(* Let $G=(V,E)$ be a surjective-only finite simple graph with incidence matrix $A$, and let $\lambda\in\mathbb{R}_{>0}^n$ be such that the matching problem $(G,\lambda)$ is stabilizable. Let $\Pi_{\ge0}=\{\mu\in\mathbb{R}_{\ge0}^m:A\mu=\lambda\}$. For $\mu\in\Pi_{\ge0}$, let $\underline{E}=\{k\in E:\mu_k>0\}$ and $\underline{G}=(V,\underline{E})$. Then $\mu$ is a vertex of the polytope $\Pi_{\ge0}$ if and only if $\underline{G}$ is injective.
   Context: Incidence matrix: $a_{i,k}=1$ iff node $i$ is an endpoint of edge $e_k$. A graph is injective if the linear map $y\mapsto Ay$ defined by its incidence matrix is injective, equivalently every connected component is a tree or a unicyclic graph whose cycle is odd. Surjective-only: every connected component is non-bipartite and the graph is not injective. A vertex of a convex polytope $\Upsilon$ is a point $y\in\Upsilon$ that cannot be written as a convex combination of points of $\Upsilon\setminus\{y\}$. Stabilizability of $(G,\lambda)$ (existence of a policy making the matching Markov chain positive recurrent) is, for surjective $G$, equivalent to the existence of $\mu\in\mathbb{R}_{>0}^m$ with $A\mu=\lambda$. *)

From mathcomp Require Import all_boot all_order all_algebra.
From mathcomp Require Import reals.
Set Implicit Arguments. Unset Strict Implicit. Unset Printing Implicit Defensive.
Import Order.TTheory GRing.Theory Num.Theory.
Local Open Scope ring_scope.

Definition simple_graph (n m : nat) (e : 'I_m -> 'I_n * 'I_n) : Prop :=
  (forall k, (e k).1 != (e k).2) /\
  (forall k l, [set (e k).1; (e k).2] = [set (e l).1; (e l).2] -> k = l).

Definition incidence (R : nzRingType) (n m : nat) (e : 'I_m -> 'I_n * 'I_n)
  : 'M[R]_(n, m) :=
  \matrix_(i, k) ((i == (e k).1) || (i == (e k).2))%:R.

(* The subgraph (V, S) with edge set S is injective: the map y |-> A_S y
   on R^S is injective (A_S = columns of A indexed by S); vectors in R^S are
   represented as vectors of R^m supported in S. *)
Definition injective_on (R : realType) (n m : nat) (e : 'I_m -> 'I_n * 'I_n)
  (S : {set 'I_m}) : Prop :=
  forall y : 'cV[R]_m, (forall k, k \notin S -> y k 0 = 0) ->
    incidence R e *m y = 0 -> y = 0.

Definition graph_injective (R : realType) (n m : nat) (e : 'I_m -> 'I_n * 'I_n)
  : Prop := injective_on R e [set: 'I_m].

Definition graph_surjective (R : realType) (n m : nat) (e : 'I_m -> 'I_n * 'I_n)
  : Prop := forall b : 'cV[R]_n, exists y : 'cV[R]_m, incidence R e *m y = b.

Definition surjective_only (R : realType) (n m : nat) (e : 'I_m -> 'I_n * 'I_n)
  : Prop := graph_surjective R e /\ ~ graph_injective R e.

(* Stabilizability of (G, lambda), for surjective G: exists mu > 0, A mu = lambda. *)
Definition stabilizable (R : realType) (n m : nat) (e : 'I_m -> 'I_n * 'I_n)
  (lam : 'cV[R]_n) : Prop :=
  exists mu : 'cV[R]_m, (forall k, 0 < mu k 0) /\ incidence R e *m mu = lam.

Definition Pi_ge0 (R : realType) (n m : nat) (e : 'I_m -> 'I_n * 'I_n)
  (lam : 'cV[R]_n) : 'cV[R]_m -> Prop :=
  fun mu => (forall k, 0 <= mu k 0) /\ incidence R e *m mu = lam.

Definition is_vertex (R : realType) (m : nat) (P : 'cV[R]_m -> Prop)
  (y : 'cV[R]_m) : Prop :=
  P y /\ ~ (exists (N : nat) (p : 'I_N -> 'cV[R]_m) (w : 'I_N -> R),
              (forall i, P (p i) /\ p i != y) /\ (forall i, 0 <= w i) /\
              \sum_(i < N) w i = 1 /\ \sum_(i < N) w i *: p i = y).

Definition pos_support (R : realType) (m : nat) (mu : 'cV[R]_m) : {set 'I_m} :=
  [set k | 0 < mu k 0].

(** If some [y <> 0] supported in the
    support of [mu] has [A y = 0], then [mu +- eps y] stay in the polytope for
    small [eps > 0], and [mu] is their midpoint.  Conversely, in a convex
    combination of points of the polytope equal to [mu], each point with a
    nonzero weight vanishes off the support of [mu]; independence then forces
    it to be [mu] itself. *)

From mathcomp Require Import all_boot all_order all_algebra.
From mathcomp Require Import reals.
Set Implicit Arguments. Unset Strict Implicit. Unset Printing Implicit Defensive.
Import Order.TTheory GRing.Theory Num.Theory.
Local Open Scope ring_scope.

Lemma pos_lower_bound (R : realDomainType) (I : finType) (f : I -> R) :
  exists2 d : R, 0 < d & forall i, 0 < f i -> d <= f i.
Proof.
exists (\big[Num.min/1]_(i | 0 < f i) f i).
  by apply: (big_ind (fun x => 0 < x)) => // x y x0 y0; rewrite lt_min x0.
by move=> i fi0; rewrite (bigD1 i) //= ge_min lexx.
Qed.

Lemma convex_comb_support (R : numDomainType) (m N : nat)
    (p : 'I_N -> 'cV[R]_m) (w : 'I_N -> R) (x : 'cV[R]_m) :
  (forall i k, 0 <= p i k 0) -> (forall i, 0 <= w i) ->
  \sum_(i < N) w i *: p i = x ->
  forall i k, w i != 0 -> x k 0 = 0 -> p i k 0 = 0.
Proof.
move=> p_ge0 w_ge0 <- i k wi0; rewrite summxE => /psumr_eq0P sum0.
have /eqP := sum0 (fun j _ => ltac:(by rewrite mxE mulr_ge0)) i isT.
by rewrite mxE mulf_eq0 (negbTE wi0) => /eqP.
Qed.

Section NonnegSolutions.

Variables (R : realFieldType) (n m : nat) (A : 'M[R]_(n, m)) (b : 'cV[R]_n).

Definition nonneg_sol (x : 'cV[R]_m) : Prop :=
  (forall k, 0 <= x k 0) /\ A *m x = b.

Lemma nonneg_sol_segment (mu y : 'cV[R]_m) :
  nonneg_sol mu -> (forall k, ~~ (0 < mu k 0) -> y k 0 = 0) -> A *m y = 0 ->
  exists2 eps : R, 0 < eps &
    forall s, `|s| <= eps -> nonneg_sol (mu + s *: y).
Proof.
move=> [mu_ge0 Amu] ysupp Ay.
(* [x / 0 = 0] makes the ratio vanish exactly where [y] does. *)
have [eps eps0 eps_le] := pos_lower_bound (fun k => mu k 0 / `|y k 0|).
have eps_y k : eps * `|y k 0| <= mu k 0.
  have [mu0 | /ysupp ->] := boolP (0 < mu k 0); last by rewrite normr0 mulr0.
  have [-> | y0] := eqVneq (y k 0) 0; first by rewrite normr0 mulr0 ltW.
  by rewrite -ler_pdivlMr ?normr_gt0 // eps_le // divr_gt0 ?normr_gt0.
exists eps => // s s_le; split; last by rewrite mulmxDr -scalemxAr Ay scaler0 addr0.
move=> k; rewrite !mxE -lerBlDl sub0r; apply: lerNnormlW.
by rewrite normrM (le_trans _ (eps_y k)) // ler_wpM2r.
Qed.

Lemma nonneg_sol_eq_of_support (mu x : 'cV[R]_m) :
  (forall y : 'cV[R]_m, (forall k, ~~ (0 < mu k 0) -> y k 0 = 0) ->
     A *m y = 0 -> y = 0) ->
  nonneg_sol mu -> nonneg_sol x -> (forall k, mu k 0 = 0 -> x k 0 = 0) ->
  x = mu.
Proof.
move=> free [mu_ge0 Amu] [_ Ax] xsupp; apply/eqP; rewrite -subr_eq0; apply/eqP.
apply: free; last by rewrite mulmxBr Ax Amu subrr.
move=> k mu_npos; have mu0 : mu k 0 = 0 by apply/le_anti; rewrite mu_ge0 leNgt mu_npos.
by rewrite !mxE mu0 xsupp // subr0.
Qed.

End NonnegSolutions.

Lemma not_vertex_midpoint (R : realType) (m : nat) (P : 'cV[R]_m -> Prop)
    (x z : 'cV[R]_m) :
  z != 0 -> P (x + z) -> P (x - z) -> ~ is_vertex P x.
Proof.
move=> z0 Pxz Pxz' [_ []].
exists 2, (fun i => if i == ord0 then x + z else x - z), (fun _ => 2^-1).
split; [|split; [by move=> i; rewrite invr_ge0 ler0n|split]].
- move=> i; case: (i == ord0); split => //; rewrite -subr_eq0 addrC addKr //.
  by rewrite oppr_eq0.
- by rewrite big_ord_recr big_ord1 /= -div1r -splitr.
- rewrite big_ord_recr big_ord1 /= -scalerDr addrACA subrr addr0.
  by rewrite -mulr2n -scaler_nat scalerA mulVf ?pnatr_eq0 // scale1r.
Qed.

Lemma is_vertex_of_support (R : realType) (m : nat) (P : 'cV[R]_m -> Prop)
    (x : 'cV[R]_m) :
  (forall p, P p -> forall k, 0 <= p k 0) -> P x ->
  (forall p, P p -> (forall k, x k 0 = 0 -> p k 0 = 0) -> p = x) ->
  is_vertex P x.
Proof.
move=> P_ge0 Px uniq_face; split=> // -[N [p [w [Pp [w_ge0 [w1 wp]]]]]].
have [i wi0] : exists i, w i != 0.
  apply/existsP; apply: contra_eqT w1 => /existsPn w0.
  by rewrite big1 ?(eq_sym 0) ?oner_neq0 // => i _; apply/eqP/negbNE/w0.
apply/(negP (Pp i).2)/eqP/uniq_face; first exact: (Pp i).1.
move=> k; exact: convex_comb_support (fun j => P_ge0 _ (Pp j).1) w_ge0 wp i k wi0.
Qed.

Theorem proposition5p6 (R : realType) (n m : nat) (e : 'I_m -> 'I_n * 'I_n)
  (lam : 'cV[R]_n) :
  simple_graph e ->
  surjective_only R e ->
  (forall i, 0 < lam i 0) ->
  stabilizable e lam ->
  forall mu : 'cV[R]_m, Pi_ge0 e lam mu ->
    (is_vertex (Pi_ge0 e lam) mu <-> injective_on R e (pos_support mu)).
Proof.
move=> _ _ _ _ mu Pmu.
have supp_mu k : (k \notin pos_support mu) = ~~ (0 < mu k 0) by rewrite inE.
split=> [vertex | free].
- move=> y ysupp Ay; apply/eqP/negPn/negP => y0.
  have [eps eps0 segment] : exists2 eps : R, 0 < eps &
      forall s, `|s| <= eps -> Pi_ge0 e lam (mu + s *: y).
    by apply: nonneg_sol_segment Pmu _ Ay => k; rewrite -supp_mu => /ysupp.
  apply: (not_vertex_midpoint (z := eps *: y)) vertex.
  - by rewrite scaler_eq0 negb_or y0 andbT gt_eqF.
  - by apply: segment; rewrite gtr0_norm.
  - by rewrite -scaleNr; apply: segment; rewrite normrN gtr0_norm.
apply: is_vertex_of_support => // [p [] // | p Pp psupp].
apply: nonneg_sol_eq_of_support Pmu Pp psupp => y ysupp.
by apply: free => k; rewrite supp_mu => /ysupp.
Qed.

----

Within the material above, output exactly the lines from the one with "apply/existsP; apply: contra_eqT" through the one with "move=> _ _ _ _ mu Pmu.", end lines included, and nothing besides.

  apply/existsP; apply: contra_eqT w1 => /existsPn w0.
  by rewrite big1 ?(eq_sym 0) ?oner_neq0 // => i _; apply/eqP/negbNE/w0.
apply/(negP (Pp i).2)/eqP/uniq_face; first exact: (Pp i).1.
move=> k; exact: convex_comb_support (fun j => P_ge0 _ (Pp j).1) w_ge0 wp i k wi0.
Qed.

Theorem proposition5p6 (R : realType) (n m : nat) (e : 'I_m -> 'I_n * 'I_n)
  (lam : 'cV[R]_n) :
  simple_graph e ->
  surjective_only R e ->
  (forall i, 0 < lam i 0) ->
  stabilizable e lam ->
  forall mu : 'cV[R]_m, Pi_ge0 e lam mu ->
    (is_vertex (Pi_ge0 e lam) mu <-> injective_on R e (pos_support mu)).
Proof.
move=> _ _ _ _ mu Pmu.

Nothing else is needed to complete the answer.